Of all the entries below, only the lines from the one with "into Z[z]. *)" up to and including the one with "exists [:: (X, -1)];" are to be duplicated exactly.

DATA FOR THE TASK Block Start

Lemma resid_sum_reduction T n i s :
  (resid_sum T n i s z \in P) = (resid_sum T n i s beta == 0).
Proof.
pose g : {poly int} := \poly_(m < T) ((m %% n == i)%N && s m)%:R.
have gE (R : nzRingType) (x : R) : (map_poly intr g).[x] = resid_sum T n i s x.
  rewrite (@horner_coef_wide _ T); last first.
    by rewrite /map_poly (leq_trans (size_poly _ _)) // size_poly.
  rewrite /resid_sum [RHS]big_mkcond; apply: eq_bigr => m _.
  by rewrite coef_map coef_poly ltn_ord /= rmorph_nat; case: (_ && _); rewrite ?mul1r ?mul0r.
by rewrite -!gE memP.
Qed.

(* Backwards: apply galois_mean to -X = sum p r; it fixes -X and each p, and sends each r
   into Z[z]. *)
Lemma congr_ideal_reduction h k c X :
  (0 < h)%N -> odd k -> k.-primitive_root z -> in_Zadj z X ->
  congr_ideal h k P (c - (2 ^ h.+1)%N%:R * X) c <-> X \in P.
Proof.
move=> h_gt0 k_odd z_prim ZX; have two_pow : (2 ^ (h + 1))%:R = (2 ^ h.+1)%N%:R :> algC.
  by rewrite addn1.
split => [[r [r_in rE]]|XP]; last first.
  exists [:: (X, -1)]; split => [pr|]; last by rewrite big_seq1 /= two_pow; ring.
  by rewrite inE => /eqP -> /=; split => //; exact: (in_Zadj_int _ (-1)).
have NXE : - X = \sum_(pr <- r) pr.1 * pr.2.
  apply: (mulfI (_ : (2 ^ h.+1)%N%:R != 0 :> algC)); first by rewrite pnatr_eq0 expn_eq0.
  rewrite mulr_sumr; under eq_bigr do rewrite mulrA -two_pow; rewrite -rE; ring.
have ZNX : in_Zadj z (- X) by rewrite -mulN1r; apply: in_ZadjM ZX; exact: (in_Zadj_int _ (-1)).
have NXP : - X \in P.
  rewrite -(galois_mean_Zadj h_gt0 k_odd z_prim ZNX) NXE (galois_mean_sumM _ _ z_prim); last first.
    by move=> pr /r_in [/P_Zadj].
  apply: reduction_ideal_sum => pr /r_in [p_P r_Zz]; apply: reduction_idealM => //.
  exact: (galois_mean_Zzeta h_gt0 k_odd z_prim).
by rewrite -[X]opprK -mulrN1; apply: reduction_idealM NXP _; exact: (in_Zadj_int _ (-1)).
Qed.

End Reduction.

Theorem mainTheorem6
  (F : finFieldType) (p : nat) (hp : prime p) (hpodd : odd p)
  (hchF : p \in [pchar F])
  (alpha : F) (halpha : (#|F|.-1).-primitive_root alpha)
  (E : finFieldType) (hchE : 2 \in [pchar E])
  (beta : E) (k : nat) (hbT : beta ^+ (#|F|.-1) = 1)
  (hk : k.-primitive_root beta) (hk1 : (1 < k)%N)
  (P : pred algC) (z : algC) (hz : z ^+ k = 1)
  (hPsub : forall x, x \in P -> inZzeta k x)
  (hphi : forall g : {poly int},
      ((map_poly intr g).[z] \in P) = root (map_poly intr g) beta)
  (h : nat) (hh1 : (1 <= h)%N) (hhu : (h <= logn 2 (#|F|.-1))%N) :
  (('X - beta%:P) ^+ (2 ^ h) %| Spoly alpha E) <->
  (forall i : 'I_(2 ^ h),
     congr_ideal h k P
       (\sum_(j < 2 ^ h)
          zeta (2 ^ h) ^- (i * j) * etaC alpha (2 ^ h) j (-1)
          * Ksum alpha (fun x => etaC alpha (2 ^ h) j x * charOf alpha z x))
       (- (2 ^ h)%:R * ((#|F|.-1)./2 %% 2 ^ h == i)%N%:R)).
Proof.
have n_dvd_T : (2 ^ h %| #|F|.-1)%N by rewrite pfactor_dvdn // (prim_order_gt0 halpha).
have T_even : ~~ odd #|F|.-1.
  by rewrite -dvdn2 (dvdn_trans _ n_dvd_T) // -{1}(expn1 2) dvdn_exp2l.
have k_odd : odd k by apply: contraLR hchE; rewrite -dvdn2 => /(prim_root_pcharF hk) ->.
have k_dvd_T : (k %| #|F|.-1)%N by rewrite (prim_order_dvd hk) hbT.
have z_prim := reduction_prim_root hphi hk hz.
have zT : z ^+ #|F|.-1 = 1 by apply/eqP; rewrite -(prim_order_dvd z_prim).
have P_Zadj x (xP : x \in P) : in_Zadj z x := in_Zadj_zeta_prim z_prim (hPsub x xP).
have FourierE := Fourier_Ksum halpha T_even n_dvd_T (zeta_pow2_prim hh1) zT
  (prim_root_expr_half z_prim k_odd k_dvd_T T_even) (prim_root_expr_pow2_neq1 h z_prim k_odd hk1).
have ZX i : in_Zadj z (resid_sum #|F|.-1 (2 ^ h) i (slce alpha) z).
  by apply: in_Zadj_sum => m; exact: in_Zadj_exp.
rewrite /Spoly exp2n_subr_pchar2 ?pchar_poly // -polyC_exp.
rewrite dvdp_XnsubC_poly ?expn_gt0 //; last first.
  by rewrite (prim_root_eq0 hk) -lt0n (prim_order_gt0 hk).
split => [S_dvd i|congr_S i i_lt_n].
  rewrite FourierE // -expnS (congr_ideal_reduction hphi) //.
  by rewrite (resid_sum_reduction hphi) // resid_sumE S_dvd.
move: (congr_S (Ordinal i_lt_n)); rewrite FourierE // -expnS (congr_ideal_reduction hphi) //.
by rewrite (resid_sum_reduction hphi) // resid_sumE => /eqP.
Qed.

DATA FOR THE TASK Block End

ANSWER BOX:
   into Z[z]. *)
Lemma congr_ideal_reduction h k c X :
  (0 < h)%N -> odd k -> k.-primitive_root z -> in_Zadj z X ->
  congr_ideal h k P (c - (2 ^ h.+1)%N%:R * X) c <-> X \in P.
Proof.
move=> h_gt0 k_odd z_prim ZX; have two_pow : (2 ^ (h + 1))%:R = (2 ^ h.+1)%N%:R :> algC.
  by rewrite addn1.
split => [[r [r_in rE]]|XP]; last first.
  exists [:: (X, -1)]; split => [pr|]; last by rewrite big_seq1 /= two_pow; ring.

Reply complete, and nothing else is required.